Could you please return each line of the data that has the word "move"?
Provided data START
(* Let $\Gamma$ be a non-amenable group with property RD$_p$ for some $p\in[1,2]$. Then $\mathrm{Lit}(\Gamma)\ge p$.
   Context: For $1\le p<\infty$, $\Gamma$ has property RD$_p$ if there exist a length function $L$ on $\Gamma$ (i.e. $L\colon\Gamma\to[0,\infty)$ with $L(e)=0$, $L(g^{-1})=L(g)$, $L(gh)\le L(g)+L(h)$) and a polynomial $P$ such that $\|a\|_{p\to p}\le P(d)\|a\|_p$ for every $a\in\mathbf{C}[\Gamma]$ supported in the $L$-ball of radius $d\ge0$, where $\|a\|_{p\to p}$ is the operator norm of left convolution by $a$ on $\ell^p(\Gamma)$. $T_1(\Gamma)$ is the space of all $f\colon\Gamma\to\mathbf{C}$ for which there exist $f_1,f_2\colon\Gamma\times\Gamma\to\mathbf{C}$ with $f(x^{-1}y)=f_1(x,y)+f_2(x,y)$ for all $x,y$, $\sup_x\sum_y|f_1(x,y)|<\infty$, $\sup_y\sum_x|f_2(x,y)|<\infty$; $\mathrm{Lit}(\Gamma)=\inf\{q>0:T_1(\Gamma)\subseteq\ell^q(\Gamma)\}$. *)

From HB Require Import structures.
From mathcomp Require Import all_boot all_order all_algebra.
From mathcomp Require Import all_classical all_reals all_analysis.
From mathcomp.real_closed Require Import complex.

Set Implicit Arguments.
Unset Strict Implicit.
Unset Printing Implicit Defensive.
Import Order.TTheory GRing.Theory Num.Theory.
Local Open Scope classical_set_scope.
Local Open Scope ring_scope.

Section Defs.
Variable R : realType.
Local Notation C := (R[i]).

Definition cabs (z : C) : R := let: Complex a b := z in Num.sqrt (a ^+ 2 + b ^+ 2).

(* A (discrete, possibly infinite) group given by its carrier (a choiceType,
   which is no restriction classically), multiplication, inverse and unit. *)
Variables (G : choiceType) (mul : G -> G -> G) (inv : G -> G) (e : G).

Definition is_group : Prop :=
  [/\ forall x y z, mul x (mul y z) = mul (mul x y) z,
      forall x, mul e x = x, forall x, mul x e = x,
      forall x, mul (inv x) x = e & forall x, mul x (inv x) = e].

Definition amenable : Prop :=
  exists mu : set G -> R,
    [/\ forall A, 0 <= mu A, mu setT = 1,
        forall A B, A `&` B = set0 -> mu (A `|` B) = mu A + mu B
      & forall g A, mu ((mul g) @` A) = mu A].

Definition length_function (L : G -> R) : Prop :=
  [/\ forall g, 0 <= L g, L e = 0, forall g, L (inv g) = L g
    & forall g h, L (mul g h) <= L g + L h].

Definition supp (a : G -> C) : set G := [set x | a x != 0].
Definition finsupp (a : G -> C) : Prop := finite_set (supp a).

Definition lpnorm (p : R) (f : G -> C) : \bar R :=
  poweR (\esum_(x in [set: G]) ((cabs (f x)) `^ p)%:E) p^-1.

Definition in_lp (q : R) (f : G -> C) : Prop :=
  (\esum_(x in [set: G]) ((cabs (f x)) `^ q)%:E < +oo)%E.

Definition lconv (a f : G -> C) : G -> C :=
  fun x => \sum_(y \in supp a) a y * f (mul (inv y) x).

Definition opnorm (p : R) (a : G -> C) : \bar R :=
  ereal_sup [set lpnorm p (lconv a f) | f in [set f | (lpnorm p f <= 1)%E]].

Definition RD (p : R) : Prop :=
  exists (L : G -> R) (P : {poly R}), length_function L /\
    forall (a : G -> C) (d : R), finsupp a -> 0 <= d ->
      supp a `<=` [set g | L g <= d] ->
      (opnorm p a <= (P.[d])%:E * lpnorm p a)%E.

Definition in_T1 (f : G -> C) : Prop :=
  exists f1 f2 : G -> G -> C,
    [/\ forall x y, f (mul (inv x) y) = f1 x y + f2 x y,
        exists M : R, forall x, (\esum_(y in [set: G]) (cabs (f1 x y))%:E <= M%:E)%E
      & exists M : R, forall y, (\esum_(x in [set: G]) (cabs (f2 x y))%:E <= M%:E)%E].

Definition Lit : \bar R :=
  ereal_inf [set q%:E | q in [set q : R | 0 < q /\ forall f, in_T1 f -> in_lp q f]].

End Defs.

From Pilot Require Import Defs.
From HB Require Import structures.
From mathcomp Require Import all_boot all_order all_algebra.
From mathcomp Require Import all_classical all_reals all_analysis.
From mathcomp.real_closed Require Import complex.
From mathcomp Require Import ring lra finmap.

(* Suppose T_1(G) were contained in l^q(G) with q < p, and let S be a finite
   symmetric set in the L-ball of radius d.  By RD_p, convolution by c 1_S with
   c^-1 = (|P(d)| + 1) |S|^(1/p) is a contraction of l^p(G), so its iterates
   applied to the Dirac mass at e are bounded by 1; their dyadic average,
   re-based along the orbits of right multiplication by S, is a positive h
   with sum_(g in S) h(x g) <= C h(x), where C = 2 / c.  Comparing h(x) with
   h(y) splits 1_S(x^-1 y) into a part with row sums at most C and a part with
   column sums at most C.  Hence f = sum_n 2^-(n+1) C_n^-1 1_(S_n) lies in
   T_1(G), and it escapes l^q(G) as soon as |S_n| (2^-(n+1) / C_n)^q >= n, that
   is as soon as |S_n|^(1 - q/p) is large compared with (|P(d_n)| + 1)^q.  If
   no such S_n exists, balls grow polynomially; then some ratio
   |B(n + j)| / |B(n)| is at most 1 + 1/j, these balls are Folner sets, and G
   is amenable. *)

Set Implicit Arguments.
Unset Strict Implicit.
Unset Printing Implicit Defensive.
Import Order.TTheory GRing.Theory Num.Theory numFieldNormedType.Exports.
Local Open Scope classical_set_scope.
Local Open Scope ring_scope.

Section RealInequalities.
Variable R : realType.

Lemma exp_dominates_monomial (r A : R) (M : nat) : 1 < r ->
  exists2 k : nat, (0 < k)%N & A * k%:R ^+ M < r ^+ k.
Proof.
move=> r1; set l := ln r; have l0 : 0 < l := ln_gt0 r1.
have fact0 : 0 < M.+1`!%:R :> R by rewrite ltr0n fact_gt0.
set k := (Num.truncn (A * M.+1`!%:R / l ^+ M.+1)).+1.
have k0 : 0 < k%:R :> R by rewrite ltr0n.
exists k => //.
have kA : A < k%:R * l ^+ M.+1 / M.+1`!%:R.
  rewrite ltr_pdivlMr // -ltr_pdivrMr ?exprn_gt0 //; exact: truncnS_gt.
have -> : r ^+ k = expR (k%:R * l) by rewrite expRM_natl lnK // posrE; lra.
apply: lt_le_trans (expR_ge1Dxn M (mulr_ge0 (ltW k0) (ltW l0))).
apply: lt_le_trans (_ : _ < (k%:R * l) ^+ M.+1 / M.+1`!%:R) _; last by rewrite lerDr.
have -> : (k%:R * l) ^+ M.+1 / M.+1`!%:R = k%:R ^+ M * (k%:R * l ^+ M.+1 / M.+1`!%:R).
  by rewrite exprMn exprS; ring.
by rewrite mulrC ltr_pM2l ?exprn_gt0.
Qed.

Lemma exp_dominates_powR (r K J D : R) : 1 < r -> 0 <= K -> 0 <= J -> 0 <= D ->
  exists k : nat, K * (1 + k%:R * J) `^ D < r ^+ k.
Proof.
move=> r1 K0 J0 D0; set M := (Num.truncn D).+1.
have [k k0 hk] := exp_dominates_monomial (K * (1 + J) ^+ M) M r1.
exists k; apply: le_lt_trans hk; rewrite -mulrA -exprMn ler_wpM2l //.
have k1 : 1 <= k%:R :> R by rewrite ler1n.
have X1 : 1 <= 1 + k%:R * J by rewrite lerDl mulr_ge0.
rewrite -powR_mulrn ?mulr_ge0 //; [|lra].
apply: le_trans (ler_powR X1 (ltW (truncnS_gt D))) _.
apply: ge0_ler_powR; rewrite ?nnegrE ?ler0n //; nra.
Qed.

Lemma horner_norm_le (P : {poly R}) : exists2 A : R, 0 <= A &
  forall x : R, 0 <= x -> `|P.[x]| <= A * (1 + x) ^+ size P.
Proof.
exists (\sum_(i < size P) `|P`_i|) => [|x x0]; first exact: sumr_ge0.
rewrite horner_coef mulr_suml; apply: le_trans (ler_norm_sum _ _ _) _.
apply: ler_sum => i _; rewrite normrM normrX (ger0_norm x0) ler_wpM2l //.
apply: (@le_trans _ _ ((1 + x) ^+ i)); first by apply: lerXn2r; rewrite ?nnegrE; lra.
by apply: ler_weXn2l; [lra | exact: ltnW].
Qed.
Provided data END
Result of the task
move=> r1; set l := ln r; have l0 : 0 < l := ln_gt0 r1.
move=> r1 K0 J0 D0; set M := (Num.truncn D).+1.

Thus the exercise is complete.